AYM’den milyonlarca memur için emsal olacak karar

Seren

Global Mod
Global Mod
Resmi Gazete’nin bugünkü sayısında yer alan karara nazaran, bir kamu kurumunda saymanlık müdür yardımcısı olarak misyon yapan kişinin sicil raporunun kanaat kısmına, daha evvel nazaranv yaptığı yerdeki amirleri tarafınca 2008’de, “Müstakil idarecilik yapması uygun değildir. Temsil yeteneği yoktur. Palavra söyler, iftira atar” sözleri yazıldı.

Bunun “şeref ve itibarını” zedelediğini ileri süren kişi, dava açtı. Lokal mahkemenin kısmen kabulüne karar verdiği davanın Danıştay tarafınca bozulması üzerine bir daha yapılan yargılamada bu kere dava reddedildi.

Ret sonucunın Danıştay tarafınca onanması, karar düzeltme isteminin de 2018’de reddedilmesi üzerine kişi, Anayasa Mahkemesine hak ihlali savıyla ferdi müracaatta bulundu.

Yüksek Mahkeme, Anayasa’nın 36’ncı unsurunda teminat altına alınan adil yargılanma hakkı kapsamındaki makul müddette yargılanma hakkı ile Anayasa’nın 17’nci unsurunda teminat altına alınan kişinin maddi ve manevi varlığını muhafaza hakkının ihlal edildiğine hükmetti. İhlalin sonuçlarının ortadan kaldırılması için karar meselain lokal mahkemeye gönderilmesi kararlaştırıldı.

sonucun öne sürülen nedeni

Anayasa Mahkemesinin sonucunda, somut hadisede, müracaatçının gerçekleştiğini öne sürdüğü durumun, “kişinin onur ve prestijini zedeleyebilecek nitelikte” olduğu açıklandı.

Sicil raporunun, kamu gorevlisinin mesleksel ehliyetine ve mesleksel gelişmeninin tespitine yönelik resmi bir evrak niteliğinde olduğu vurgulanan kararda, şu tespitler yapıldı:

“Bu nitelikteki bir dokümanda yer alacak kıymetlendirme de evvela kişinin mesleksel ehliyetine ve gelişmenine ait olmalı, mümkünse somut bilgilere dayandırılmalı, bunun yanında kişilik haklarını zedelemeyecek biçimde olmalıdır.
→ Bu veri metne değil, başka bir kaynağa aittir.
Lemma sol_pred w y : w \in W -> y \in w -> B_SC y = 0 ->
  exists2 z, infix [:: z; y] w & A z y.
Proof.
move=> Ww yw By; have sw := sol_sorted Ww.
case/splitPr: yw Ww sw => p1 p2 Ww sw.
case/lastP: p1 Ww sw => [|q z] Ww sw.
  by have := sol_head_source Ww; rewrite By.
exists z; first by rewrite cat_rcons; apply/infixP; exists q, p2.
by move: sw; rewrite sorted_cat_cons => /andP[/sorted_rcons2].
Qed.

Lemma sol_head w y : w \in W -> y \in w -> (forall z, ~~ A z y) -> ohead w = Some y.
Proof.
move=> Ww yw no_in; have sw := sol_sorted Ww.
case/splitPr: yw Ww sw => p1 p2 Ww sw.
case/lastP: p1 Ww sw => [|q z] //= Ww.
rewrite sorted_cat_cons => /andP[/sorted_rcons2 Azy _].
by have := no_in z; rewrite Azy.
Qed.

Lemma sol_last w y x0 : w \in W -> y \in w -> (forall z, ~~ A y z) -> last x0 w = y.
Proof.
move=> Ww yw no_out; have sw := sol_sorted Ww.
case/splitPr: yw Ww sw => p1 p2 Ww sw.
case: p2 Ww sw => [|z q] Ww; first by rewrite last_cat.
rewrite sorted_cat_cons /= => /andP[_ /andP[Ayz _]].
by have := no_out z; rewrite Ayz.
Qed.

Lemma sol_level2_uniq w y1 y2 : w \in W -> y1 \in w -> y2 \in w ->
  level y1 = 2 -> level y2 = 2 -> y1 = y2.
Proof.
move=> Ww y1w; have sw := sol_sorted Ww.
case/splitPr: y1w Ww sw => p1 p2 Ww sw y2w l1 l2.
move: y2w; rewrite mem_cat inE => /or3P[y2p1|/eqP//|y2p2].
- case/splitPr: y2p1 Ww sw => q1 q2 Ww sw.
  move: sw; rewrite -catA cat_cons => sw.
  have y1q : y1 \in q2 ++ y1 :: p2 by rewrite mem_cat mem_head orbT.
  by have := level_after2 sw l2 y1q; rewrite l1.
- by have := level_after2 sw l1 y2p2; rewrite l2.
Qed.

Lemma sol_up_mem_u w x j : w \in W -> vP c1 x j \in w -> vU x \in w.
Proof.
move=> Ww yw; have [z zy] := sol_pred Ww yw erefl; have zw := mem_infix zy (mem_head _ _).
case: z zy zw => [[i|[[c i] j']]|[[]|l]] //= _ zw.
  by case/andP=> /eqP ->.
by rewrite /= !andbF.
Qed.

Lemma sol_u_head w x : w \in W -> vU x \in w ->
  exists2 j, x \in S j & ohead w = Some (vP c0 x j).
Proof.
move=> Ww uw; have [z zu] := sol_pred Ww uw erefl; have zw := mem_infix zu (mem_head _ _).
case: z zu zw => [[i|[[c i] j]]|[[]|l]] //= _ zw /and3P[c_0 /eqP ix xj]; subst i.
have cE : c = c0 by apply: ord_inj; apply/eqP.
subst c; exists j => //; apply: sol_head Ww zw _ => y.
by case: y => [[?|[[? ?] ?]]|[[]|?]] //=; rewrite ?andbF.
Qed.

(* Walks through [u_x] start at some [u_{x,j}] and meet at most one
   [u'_{x,j}], while each of the [|I_x|] vertices [u'_{x,j}] is met. *)
Lemma sol_count_up x j : x \in S j -> count (fun w => vP c1 x j \in w) W <= 1.
Proof.
move=> xj; pose D := [pred j : 'I_m | x \in S j].
pose up j' (w : seq V) := vP c1 x j' \in w.
pose head_u j' (w : seq V) := ohead w == Some (vP c0 x j').
have up_ge1 j' : j' \in D -> 1 <= count (up j') W.
  move=> xj'; have [w Ww upw] := @sol_cover (vP c1 x j') xj'.
  by rewrite -has_count; apply/hasP; exists w.
apply: (@leq_sum_at _ D (fun j' => count (up j') W) (fun=> 1) j xj up_ge1).
rewrite sum_count_disjoint; last first.
  by move=> w Ww j1 j2 _ _ up1 up2; have [] := sol_level2_uniq Ww up1 up2 erefl erefl.
apply: (@leq_trans (count (fun w => vU x \in w) W)).
  apply: sub_in_count.
  by move=> w Ww /existsP[j' /andP[_ /(sol_up_mem_u Ww)]].
apply: (@leq_trans (count (fun w => [exists j' in D, head_u j' w]) W)).
  apply: sub_in_count.
  move=> w Ww /(sol_u_head Ww)[j' xj' hw].
  by apply/existsP; exists j'; rewrite inE xj' /head_u hw /=.
apply: leq_trans (count_exists_le_sum _ _ _) _.
by apply/eq_leq/eq_bigr => j' xj'; apply: sol_count_head.
Qed.

Variable t0 : 'I_m.

Definition zrow (l : 'I_k) (t : 'I_m) :=
  has (fun w => [exists x, prefix [:: vZl l; vZ; vP c2 x t] w]) W.

(* [t0] is a junk default, used when the walk of [z_l] stops at [z]. *)
Definition row_of (l : 'I_k) : 'I_m := odflt t0 [pick t | zrow l t].

Lemma sol_arc_from_z w b : w \in W -> infix [:: vZ; b] w ->
  exists l x, b = vP c2 x (row_of l) /\ x \in S (row_of l).
Proof.
move=> Ww /infixP [s [s' wE]]; subst w; have sw := sol_sorted Ww.
case/lastP: s sw Ww => [|q z] sw Ww; first by have := sol_head_source Ww.
move: sw; rewrite sorted_cat_cons => /andP[sqz /= /andP[Ab _]].
have := sorted_rcons2 sqz; case: z sqz Ww => [[i|[[c i] j]]|[[]|l]] //= sqz Ww _.
case/lastP: q sqz Ww => [|q z'] sqz Ww; last first.
  move: sqz; rewrite -cats1 => /cat_sorted2[/sorted_rcons2]; clear Ww.
  by case: z' => [[?|[[? ?] ?]]|[[]|?]].
case: b Ab Ww => [[i|[[c i] t]]|[[]|l']] //= /andP[/eqP c_2 /andP[it _]] Ww.
have cE : c = c2 by apply: ord_inj.
subst c; exists l, i; suff -> : row_of l = t by [].
have zlt : zrow l t.
  apply/hasP; exists (vZl l :: vZ :: vP c2 i t :: s') => //.
  by apply/existsP; exists i; apply: (prefix_prefix [:: _; _; _]).
rewrite /row_of; case: pickP => [t' /hasP [w' Ww' /existsP [x' pre]]|]; last first.
  by move/(_ t); rewrite zlt.
case/prefixP: pre Ww' => r -> Ww' /=.
have one_zl := @sol_count_head (vZl l) isT.
by have [] := count_eq1_uniq one_zl Ww Ww' (eqxx _) (eqxx _).
Qed.

Definition active (t : 'I_m) := [exists l, row_of l == t].

Lemma sol_row_entry t x w : ~~ active t -> w \in W -> vP c2 x t \in w ->
  exists2 c : 'I_n, c <= x & (c \in S t) && (vP c1 c t \in w).
Proof.
move=> inactive Ww; have [N] := ubnP x; elim: N x => // N IH x lt_xN vw.
have [z zv Azv] := sol_pred Ww vw erefl; have zw := mem_infix zv (mem_head _ _).
case: z zv zw Azv => [[i|[[c i] j]]|[[]|l]] //= zv zw.
- case/andP=> it /orP[/andP[/andP[/orP[/andP[/eqP c_1 _]|/andP[_ //]] /eqP ix] /eqP jt]|].
    have cE : c = c1 by apply: ord_inj.
    by subst c i j; exists x; rewrite ?leqnn ?it.
  case/and3P=> /eqP c_2 /eqP jt succ; subst j; have cE : c = c2 by apply: ord_inj.
  subst c; move: (succ) => /and4P[_ _ lt_ix _].
  have [c le_ci ctw] := IH i (leq_trans lt_ix lt_xN) zw.
  by exists c => //; apply: leq_trans le_ci (ltnW lt_ix).
- move=> _; have [l [y [[_ tE] _]]] := sol_arc_from_z Ww zv.
  by case/negP: inactive; apply/existsP; exists l; rewrite tE.
Qed.

Definition row_prefix t (a : nat) := [pred c : 'I_n | (c \in S t) && (c <= a)].
Definition enters_row t a (w : seq V) := [exists c in row_prefix t a, vP c1 c t \in w].
Definition ends_in_row t a (w : seq V) :=
  [exists x in row_prefix t a, last vZ w == vP c3 x t].

Lemma count_enters_row t a : count (enters_row t a) W <= #|row_prefix t a|.
Proof.
apply: leq_trans (count_exists_le_sum _ _ _) _.
by rewrite -sum1_card; apply: leq_sum => c /andP[ct _]; apply: sol_count_up.
Qed.

Lemma count_ends_in_row t a : #|row_prefix t a| <= count (ends_in_row t a) W.
Proof.
rewrite /ends_in_row -sum_count_disjoint; last by move=> w _ x x' _ _ /eqP-> /eqP[->].
rewrite -sum1_card; apply: leq_sum => x /andP[xt _].
have [w Ww vw] := @sol_cover (vP c3 x t) xt.
rewrite -has_count; apply/hasP; exists w => //; rewrite (sol_last _ Ww vw) //.
by case=> [[?|[[? ?] ?]]|[[]|?]] //=; rewrite ?andbF.
Qed.

Lemma sol_ends_enters_row t a : ~~ active t ->
  {in W, subpred (ends_in_row t a) (enters_row t a)}.
Proof.
move=> inactive w Ww /existsP[x /andP[/andP[xt le_xa] /eqP wE]].
have [y [p [wyp _]]] := sol_cons Ww.
have vw : vP c3 x t \in w by rewrite -wE wyp /=; apply: mem_last.
have [z zv] := sol_pred Ww vw erefl; have zw := mem_infix zv (mem_head _ _).
case: z zv zw => [[?|[[c i] j]]|[[]|?]] //= _ zw.
rewrite andbF orbF => /andP[_ /andP[/andP[c_2 /eqP ix] /eqP jt]].
move: c_2 => /orP[/andP[_ //]|/andP[/eqP c_2 _]].
have cE : c = c2 by apply: ord_inj.
subst c i j; have [c le_cx /andP[ct cw]] := sol_row_entry inactive Ww zw.
by apply/existsP; exists c; rewrite inE ct (leq_trans le_cx le_xa).
Qed.

Lemma sol_no_horizontal t w a b : ~~ active t -> w \in W ->
  infix [:: vP c2 a t; vP c2 b t] w -> ~~ succ_in (S t) a b.
Proof.
move=> inactive Ww ab; apply/negP => /and4P[_ _ lt_ab _].
have := leq_trans (count_enters_row t a) (count_ends_in_row t a).
rewrite leqNgt => /negP; apply; apply: (count_lt_in (@sol_ends_enters_row t a inactive) Ww).
  have [c le_ca /andP[ct cw]] := sol_row_entry inactive Ww (mem_infix ab (mem_head _ _)).
  by apply/existsP; exists c; rewrite inE ct le_ca.
apply/existsP => -[x /andP[/andP[_ le_xa] /eqP wE]].
have [y [p [wyp yp]]] := sol_cons Ww; subst w.
have bw : vP c2 b t \in y :: p by apply: (mem_infix ab); rewrite !inE eqxx orbT.
have := level_last yp bw; rewrite /= in wE; rewrite wE /= leq_add2l leqNgt.
by rewrite (leq_ltn_trans le_xa lt_ab).
Qed.

Definition covered (x : 'I_n) := [exists l, x \in S (row_of l)].
Definition vtx_covered (v : V) : bool :=
  match v with
  | inl (inl x) | inl (inr (_, x, _)) => covered x
  | inr _ => true
  end.

Lemma sol_arc_covered w a b : w \in W -> infix [:: a; b] w ->
  vtx_covered a = vtx_covered b.
Proof.
move=> Ww ab; have Aab := sorted_infix2 (sol_sorted Ww) ab.
move: Aab ab; case: a => [[i|[[c i] j]]|[[]|l]]; case: b => [[i'|[[c' i'] j']]|[[]|l']] //=.
- by case/and3P=> _ /eqP->.
- by case/and3P=> _ /eqP->.
- case/andP=> _ /orP[/andP[/andP[_ /eqP->] _] //|].
  case/and4P=> /eqP c_2 /eqP c'_2 /eqP jj' succ ab; subst j'.
  move: (succ) => /and4P[it i't _ _].
  case: (boolP (active j)) => [/existsP[l /eqP lj]|].
    by apply/idP/idP => _; apply/existsP; exists l; rewrite lj.
  have cE : c = c2 by apply: ord_inj.
  have c'E : c' = c2 by apply: ord_inj.
  by subst c c' => inactive; have := sol_no_horizontal inactive Ww ab; rewrite succ.
- move=> _ zi; have [l [x [[_ -> _] xt]]] := sol_arc_from_z Ww zi.
  by apply/esym/existsP; exists l.
Qed.

Lemma sol_connect_covered x y : connect (uarcH W) x y -> vtx_covered x = vtx_covered y.
Proof.
case/connectP => p; elim: p x => [|z p IH] x /=; first by move=> _ ->.
case/andP=> /orP[] /hasP[w Ww wz] /IH; rewrite ?(sol_arc_covered Ww wz) //.
Qed.

Lemma sol_rows_cover x : covered x.
Proof. by have := sol_connect_covered (@sol_connect vZ (vU x) isT isT). Qed.

End Solution.

Section Canonical.
Variables (n m k : nat) (S : 'I_m -> {set 'I_n}).
Local Notation V := (vtx n m k).
Local Notation isV := (@isV_SC n m k S).
Local Notation A := (arc_SC S).
Variable row : 'I_k -> 'I_m.
Hypothesis row_cover : forall x, exists l, x \in S (row l).
Hypothesis k_gt0 : 0 < k.

Definition vertical (i : 'I_n) (j : 'I_m) : seq V :=
  [:: vP c0 i j; vU i; vP c1 i j; vP c2 i j; vP c3 i j].

(* Row positions are indexed by [nat] so that the row can be built from
   [iota]; indices [>= n] are never selected. *)
Definition in_row t (i : nat) : bool := oapp (fun x : 'I_n => x \in S t) false (insub i).
Definition row_vtx t (i : nat) : V := oapp (fun x : 'I_n => vP c2 x t) vZ (insub i).
Definition horizontal t : seq V := map (row_vtx t) (filter (in_row t) (iota 0 n)).

Definition zwalk (l : 'I_k) : seq V := vZl l :: vZ :: horizontal (row l).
Bilakis bir uygulama kişinin mesleksel ömrüne, maddi ve manevi varlığına ait olumsuz tesirler doğurabilecektir.”

Kararda, kullanılan tabirler niçiniyle kamu nazaranvlisinin korunması ve doğmuş ziyanların giderilmesinin kişinin maddi ve manevi varlığının korunması bağlamında devletin müspet yükümlüğünün gereği olduğuna vurgu yapıldı.

Yerel mahkemenin ret sonucunda, sicil raporunda kullanılan sözlerin kişinin mesleksel gelişimi ve ehliyetiyle ilgisi olup olmadığı istikametinde bir kıymetlendirme yapılmadığı aktarılan kararda, yargılama sürecinin de uzun sürdüğü tabir edildi.

Kararda, şu tabirler kullanıldı:

“- Müracaatçının, sicil raporuna yazılan tabirlerin erdem ve prestiji zedeleyici nitelikte olduğunu, hakaret ve iftira niteliğinde bulunduğunu ileri sürmesine rağmen derece mahkemesi tarafınca kelam konusu sözlerin araştırılmasına yönelik adımların atılmadığı ve kararda kelam konusu argümanlara yönelik hiç bir münasebete yer verilmediği anlaşılmaktadır.

– Bu durumda yargısal makamlarca bu değerlendirmelerin yapılmaması niçiniyle kişinin maddi ve manevi varlığını müdafaa ve geliştirme hakkı bakımından müspet yükümlülüklerin ihlal edildiği kararına ulaşılmaktadır. Açıklanan münasebetlerle Anayasa’nın 17’nci hususunda garanti altına alınan kişinin maddi ve manevi varlığını muhafaza hakkının ihlal edildiğine karar verilmesi gerekir.